As she scrambled to her feet, she took a deep breath of air that was suddenly sharp and bitter and assailed her mouth and nostrils with suffocating power. She tried to fight it off, failed, and lost consciousness.

She came awake with a blinding headache. Everything seemed hazy and a bit vague, as if she were viewing it through gauzy curtains.

“Mistaya!” Thom whispered from somewhere far away. She felt his hand squeeze her arm. “Are you all right?”

She wasn’t entirely sure, but at least she could breathe again. She opened her eyes and looked into his. “Are you?”

“The dagger missed me,” he replied.

She wasn’t so sure how that could be. Right at the last, he had tried to save her and put himself in the path of the blade. It hadn’t looked to her, in the split second she’d had to witness the attack by his brother, that it could have missed him. But maybe her magic had deflected it.

Haltwhistle nudged into view through the haze, his hackles lowered again, his coat smooth. Things must be all right after all, she thought. She sat up slowly and smiled. “Good old Haltwhistle. I’m so sorry for not taking better care of you. I won’t do that ever again.”

The mud puppy’s beaver tail wagged eagerly as he sat down close by, but safely out of reach. If he didn’t think there was any danger, there probably wasn’t. With Thom helping, Mistaya climbed back to her feet, searching for her adversaries, the last wisps of smoke wafting away on the breeze.

Then she saw Laphroig. He was standing approximately where she had last seen him, one arm raised in the follow-through of a throwing motion, his face twisted with anger. He wasn’t moving.

Chances are he wouldn’t ever move again.

He had been turned to stone.

She looked farther around the clearing. But there was no sign of Craswell Crabbit and Rufus Pinch.

“What happened here?” Thom asked quietly.

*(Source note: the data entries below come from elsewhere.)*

(* In a point of X_F whose zeros and nonzeros alternate, such as 0 a_1 0 a_2 ... 0 a_n 0 1 0 1 ...,
   there is no equal pair; so G lies in the language and is closed under concatenation.
   A word of length n of the language has at most 100 + ln n equal pairs, and the word
   0 c_1 0 c_2 ... built on its nonzero symbols c_i is reached from it by deleting or inserting
   one zero per equal pair, up to the two ends.
   Finally, let a point of X_F shadow k orbit segments of length n = 2h of the point
   0101... that flips its phase at h.  Without an equal pair inside a segment the zero pattern
   of the point has constant phase there, so it disagrees with the model on h positions;
   hence every segment contains an equal pair, and k equal pairs within O(nk) symbols
   contradict the logarithmic bound once k is of order n. *)

Lemma ln_le_sub_1 (y : R) : 0 < y -> ln y <= y - 1.
Proof.
  intro Hy. rewrite <- (ln_exp (y - 1)).
  apply ln_le; [exact Hy|]. pose proof (exp_ineq1_le (y - 1)). lra.
Qed.

Lemma ln_nonneg (y : R) : 1 <= y -> 0 <= ln y.
Proof. intro Hy. rewrite <- ln_1. apply ln_le; lra. Qed.

Lemma ln_le_half (y : R) : 0 < y -> ln y <= y / 2.
Proof.
  intro Hy. replace (ln y) with (ln 2 + ln (y / 2)).
  - pose proof (ln_le_sub_1 2 ltac:(lra)). pose proof (ln_le_sub_1 (y / 2) ltac:(lra)). lra.
  - rewrite <- ln_mult by lra. f_equal. field.
Qed.

Lemma ln_INR_le_sqrt (n : nat) : (1 <= n)%nat -> ln (INR n) <= 2 * INR (Nat.sqrt n).
Proof.
  intro Hn. set (s := Nat.sqrt n).
  assert (Hs : (n < S s * S s)%nat) by apply Nat.sqrt_spec'.
  assert (Hs0 : 0 < INR (S s)) by (apply lt_0_INR; lia).
  apply Rle_trans with (ln (INR (S s) * INR (S s))).
  - apply ln_le; [apply lt_0_INR; lia|]. rewrite <- mult_INR. apply le_INR. lia.
  - rewrite ln_mult by exact Hs0. pose proof (ln_le_sub_1 _ Hs0). rewrite S_INR in *. lra.
Qed.

Lemma Series_nonneg (a : nat -> R) : ex_series a -> (forall n, 0 <= a n) -> 0 <= Series a.
Proof.
  intros Ha Hpos. replace 0 with (Series (fun n => 0 * a n)) by (rewrite Series_scal_l; ring).
  apply Series_le; [|exact Ha]. intro n. rewrite Rmult_0_l. split; [lra|apply Hpos].
Qed.

Lemma length_filter_seq_S (f : nat -> bool) s n :
  length (filter f (seq (S s) n)) = length (filter (fun j => f (S j)) (seq s n)).
Proof. rewrite <- seq_shift, filter_map_swap, length_map. reflexivity. Qed.

Lemma length_filter_all (A : Type) (f : A -> bool) l :
  (forall a, In a l -> f a = true) -> length (filter f l) = length l.
Proof. intro H. rewrite forallb_filter_id; [reflexivity|]. apply forallb_forall, H. Qed.

Lemma length_filter_none (A : Type) (f : A -> bool) l :
  (forall a, In a l -> f a = false) -> length (filter f l) = 0%nat.
Proof.
  intro H. destruct (filter f l) as [|a l'] eqn:E; [reflexivity|].
  assert (Ha : In a (filter f l)) by (rewrite E; left; reflexivity).
  apply filter_In in Ha as [Hin Hf]. rewrite H in Hf by exact Hin. discriminate.
Qed.

Lemma length_filter_ge_1 (A : Type) (f : A -> bool) l a :
  In a l -> f a = true -> (1 <= length (filter f l))%nat.
Proof.
  intros Hin Hf. assert (Ha : In a (filter f l)) by (apply filter_In; auto).
  destruct (filter f l); [contradiction|simpl; lia].
Qed.

Lemma length_filter_seq_le_1 (f : nat -> bool) j0 s n :
  (forall j, f j = true -> j = j0) -> (length (filter f (seq s n)) <= 1)%nat.
Proof.
  intro H. revert s; induction n as [|n IH]; intro s; simpl; [lia|].
  destruct (f s) eqn:E; simpl; [|apply IH].
  apply H in E; subst s. rewrite length_filter_none; [lia|].
  intros j Hj. apply in_seq in Hj. destruct (f j) eqn:E; [|reflexivity].
  apply H in E. lia.
Qed.

Lemma length_filter_blocks (f : nat -> bool) (t : nat -> nat) k :
  t 0%nat = 0%nat ->
  (forall i, (i < k)%nat -> exists j, (t i <= j < t (S i))%nat /\ f j = true) ->
  (k <= length (filter f (seq 0 (t k))))%nat.
Proof.
  intros Ht0 Hblock. induction k as [|k IH]; [lia|].
  destruct (Hblock k ltac:(lia)) as [j [Hj Hf]].
  replace (t (S k)) with (t k + (t (S k) - t k))%nat by lia.
  rewrite seq_app, filter_app, length_app.
  pose proof (IH (fun i Hi => Hblock i ltac:(lia))).
  pose proof (length_filter_ge_1 _ f (seq (0 + t k) (t (S k) - t k)) j
                ltac:(apply in_seq; lia) Hf).
  lia.
Qed.

Definition is_zero (c : sym) : bool := match c with s0 => true | _ => false end.

Definition no_forbidden_pair (a b : sym) : Prop := ~ (a = s1 /\ b = s2) /\ ~ (a = s2 /\ b = s1).

Lemma is_zero_false_nonzero c : is_zero c = false -> c = s1 \/ c = s2.
Proof. destruct c; simpl; auto; discriminate. Qed.

Lemma sym_eqb_true_is_zero a b : sym_eqb a b = true -> is_zero a = is_zero b.
Proof. destruct a, b; easy. Qed.

Lemma is_zero_next a b : sym_eqb a b = false -> no_forbidden_pair a b -> is_zero b = negb (is_zero a).
Proof. unfold no_forbidden_pair. destruct a, b; simpl; intros; easy || tauto. Qed.

Definition is_eq_pair (x : point) (j : nat) : bool := sym_eqb (x j) (x (S j)).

Mistaya didn’t know. It was entirely possible, she decided, that she never would.

DEMONS AT THE GATES

Mistaya and Thom conducted a hurried search of the grounds but failed to find any trace of Crabbit and Pinch. Their complete disappearance suggested that the pair might have been vaporized or spirited away to some other corner of the Kingdom. After all, a collision of magic as powerful as those commanded by herself, His Eminence, and Haltwhistle could result in almost anything.

Nor was there much she could do about The Frog. She was not particularly adept at reversing magic spells, and the one that had turned him to stone was no exception. She decided it was best to leave him as he was and see if Questor could do anything to help.

She was about to suggest to Thom that they search within Libiris itself just to make certain Crabbit and Pinch hadn’t somehow gotten past them when a huge squalling sound from inside the building signaled that whatever the fate of those two villains, something else was clearly amiss. With Thom at her side, she charged back through the front doors toward the entry into the Stacks, tracing the cacophonous noise to its source.